§ **What is being asked**
Please write out the data exactly, line by line.

§ **Data**
Lemma mul_half_uphalf K c :
  K * c = K./2 * c + uphalf K * c /\ uphalf K * c = K./2 * c + odd K * c.
Proof. by rewrite -!mulnDl; split; congr (_ * _); lia. Qed.

Section DefiningSet.
Variables q n K : nat.
Hypotheses (q_gt1 : 1 < q) (le_Kn : K <= n).

Lemma defset_exponent_low s : 0 < s < q ^ K - 1 -> defset_exponent q n K s.
Proof.
move=> /andP[s_gt0 lt_s]; set v := q ^ K - 1 - s.
have lt_sK : s < q ^ K by lia.
have le_qKn : q ^ K <= q ^ n by rewrite leq_pexp2l // ltnW.
have wtv_gt0 : 0 < wtq q n v by apply: wtq_gt0 => //; lia.
have := wtq_compl q_gt1 le_Kn lt_sK; have := Oq_compl q_gt1 le_Kn lt_sK.
have := Eq_compl q_gt1 le_Kn lt_sK; have := Oq_add_Eq q n v; have := Oq_add_Eq q n s.
rewrite /defset_exponent /excluded_diff /absdiff -/v.
have [-> ->] := mul_half_uphalf K (q - 1).
by case: (odd K); rewrite ?mul1n ?mul0n; lia.
Qed.

Lemma defset_exponent_shift u : K < n -> 0 < u < q ^ K - 1 -> u \notin Iset q K ->
  defset_exponent q n K (q ^ K + (u - 1)).
Proof.
move=> lt_Kn /andP[u_gt0 lt_u] uNI; set w := u - 1; set v := q ^ K - 1 - w.
have lt_wK : w < q ^ K by lia.
have le_qKn : q ^ K <= q ^ n by rewrite leq_pexp2l // ltnW.
have lt_vn : v < q ^ n by lia.
have wtv_gt1 : 1 < wtq q n v.
  have wtv_gt0 : 0 < wtq q n v by apply: wtq_gt0; lia.
  rewrite ltn_neqAle wtv_gt0 andbT eq_sym; apply/eqP => /(wtq_eq1 q_gt1 lt_vn)[a _ def_v].
  have lt_aK : a < K by rewrite -(ltn_exp2l _ _ q_gt1) -def_v; lia.
  by case/negP: uNI; apply/IsetP; exists a => //; lia.
have := wtq_compl q_gt1 le_Kn lt_wK; have := Oq_compl q_gt1 le_Kn lt_wK.
have := Eq_compl q_gt1 le_Kn lt_wK; have := Oq_add_Eq q n v; have := Oq_add_Eq q n w.
have := wtq_shift q_gt1 lt_Kn lt_wK; have := Oq_shift q_gt1 lt_Kn lt_wK.
have := Eq_shift q_gt1 lt_Kn lt_wK.
rewrite /defset_exponent /excluded_diff /absdiff -/v.
have [-> ->] := mul_half_uphalf K (q - 1).
by case: (odd K); rewrite ?mul1n ?mul0n; lia.
Qed.

End DefiningSet.

Lemma inM_absdiff q m r a b : a <= m * (q - 1) -> b <= m * (q - 1) ->
  a + b + r = 2 * m * (q - 1) -> inM q m r (absdiff a b).
Proof. by rewrite -mulnA /inM /absdiff; move: (m * _) => c; lia. Qed.

Section Locator.
Variables (F : finFieldType) (x : F -> F).
Local Notation w := (hweight x).
Local Notation sigma := (locator x).
Local Open Scope ring_scope.

Lemma size_locator : (size sigma <= w.+1)%N.
Proof.
have size_factor (g : F) : g != 0 -> size (1 - g%:P * 'X) = 2%N.
  move=> g_neq0; rewrite addrC -mulNr -polyCN size_MXaddC polyC_eq0 oppr_eq0.
  by rewrite (negbTE g_neq0) size_polyC oppr_eq0 g_neq0.
rewrite size_prod => [|g /andP[g_neq0 _]]; last by rewrite -size_poly_eq0 size_factor.
rewrite (eq_bigr (fun=> 2%N)) => [|g /andP[g_neq0 _]]; last exact: size_factor.
by rewrite sum_nat_const -/w; lia.
Qed.

Lemma locator_coef0 : sigma`_0 = 1.
Proof.
rewrite -horner_coef0 horner_prod big1 // => g _.
by rewrite hornerD hornerN hornerM !hornerC hornerX mulr0 subr0.
Qed.

Lemma root_locator g : g != 0 -> x g != 0 -> sigma.[g^-1] = 0.
Proof.
move=> g_neq0 xg_neq0; rewrite horner_prod (bigD1 g) /=; last by rewrite g_neq0.
by rewrite hornerD hornerN hornerM !hornerC hornerX divff // subrr mul0r.
Qed.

§ **Solution for this task**
Lemma mul_half_uphalf K c :
  K * c = K./2 * c + uphalf K * c /\ uphalf K * c = K./2 * c + odd K * c.
Proof. by rewrite -!mulnDl; split; congr (_ * _); lia. Qed.

Section DefiningSet.
Variables q n K : nat.
Hypotheses (q_gt1 : 1 < q) (le_Kn : K <= n).

Lemma defset_exponent_low s : 0 < s < q ^ K - 1 -> defset_exponent q n K s.
Proof.
move=> /andP[s_gt0 lt_s]; set v := q ^ K - 1 - s.
have lt_sK : s < q ^ K by lia.
have le_qKn : q ^ K <= q ^ n by rewrite leq_pexp2l // ltnW.
have wtv_gt0 : 0 < wtq q n v by apply: wtq_gt0 => //; lia.
have := wtq_compl q_gt1 le_Kn lt_sK; have := Oq_compl q_gt1 le_Kn lt_sK.
have := Eq_compl q_gt1 le_Kn lt_sK; have := Oq_add_Eq q n v; have := Oq_add_Eq q n s.
rewrite /defset_exponent /excluded_diff /absdiff -/v.
have [-> ->] := mul_half_uphalf K (q - 1).
by case: (odd K); rewrite ?mul1n ?mul0n; lia.
Qed.

Lemma defset_exponent_shift u : K < n -> 0 < u < q ^ K - 1 -> u \notin Iset q K ->
  defset_exponent q n K (q ^ K + (u - 1)).
Proof.
move=> lt_Kn /andP[u_gt0 lt_u] uNI; set w := u - 1; set v := q ^ K - 1 - w.
have lt_wK : w < q ^ K by lia.
have le_qKn : q ^ K <= q ^ n by rewrite leq_pexp2l // ltnW.
have lt_vn : v < q ^ n by lia.
have wtv_gt1 : 1 < wtq q n v.
  have wtv_gt0 : 0 < wtq q n v by apply: wtq_gt0; lia.
  rewrite ltn_neqAle wtv_gt0 andbT eq_sym; apply/eqP => /(wtq_eq1 q_gt1 lt_vn)[a _ def_v].
  have lt_aK : a < K by rewrite -(ltn_exp2l _ _ q_gt1) -def_v; lia.
  by case/negP: uNI; apply/IsetP; exists a => //; lia.
have := wtq_compl q_gt1 le_Kn lt_wK; have := Oq_compl q_gt1 le_Kn lt_wK.
have := Eq_compl q_gt1 le_Kn lt_wK; have := Oq_add_Eq q n v; have := Oq_add_Eq q n w.
have := wtq_shift q_gt1 lt_Kn lt_wK; have := Oq_shift q_gt1 lt_Kn lt_wK.
have := Eq_shift q_gt1 lt_Kn lt_wK.
rewrite /defset_exponent /excluded_diff /absdiff -/v.
have [-> ->] := mul_half_uphalf K (q - 1).
by case: (odd K); rewrite ?mul1n ?mul0n; lia.
Qed.

End DefiningSet.

Lemma inM_absdiff q m r a b : a <= m * (q - 1) -> b <= m * (q - 1) ->
  a + b + r = 2 * m * (q - 1) -> inM q m r (absdiff a b).
Proof. by rewrite -mulnA /inM /absdiff; move: (m * _) => c; lia. Qed.

Section Locator.
Variables (F : finFieldType) (x : F -> F).
Local Notation w := (hweight x).
Local Notation sigma := (locator x).
Local Open Scope ring_scope.

Lemma size_locator : (size sigma <= w.+1)%N.
Proof.
have size_factor (g : F) : g != 0 -> size (1 - g%:P * 'X) = 2%N.
  move=> g_neq0; rewrite addrC -mulNr -polyCN size_MXaddC polyC_eq0 oppr_eq0.
  by rewrite (negbTE g_neq0) size_polyC oppr_eq0 g_neq0.
rewrite size_prod => [|g /andP[g_neq0 _]]; last by rewrite -size_poly_eq0 size_factor.
rewrite (eq_bigr (fun=> 2%N)) => [|g /andP[g_neq0 _]]; last exact: size_factor.
by rewrite sum_nat_const -/w; lia.
Qed.

Lemma locator_coef0 : sigma`_0 = 1.
Proof.
rewrite -horner_coef0 horner_prod big1 // => g _.
by rewrite hornerD hornerN hornerM !hornerC hornerX mulr0 subr0.
Qed.

Lemma root_locator g : g != 0 -> x g != 0 -> sigma.[g^-1] = 0.
Proof.
move=> g_neq0 xg_neq0; rewrite horner_prod (bigD1 g) /=; last by rewrite g_neq0.
by rewrite hornerD hornerN hornerM !hornerC hornerX divff // subrr mul0r.
Qed.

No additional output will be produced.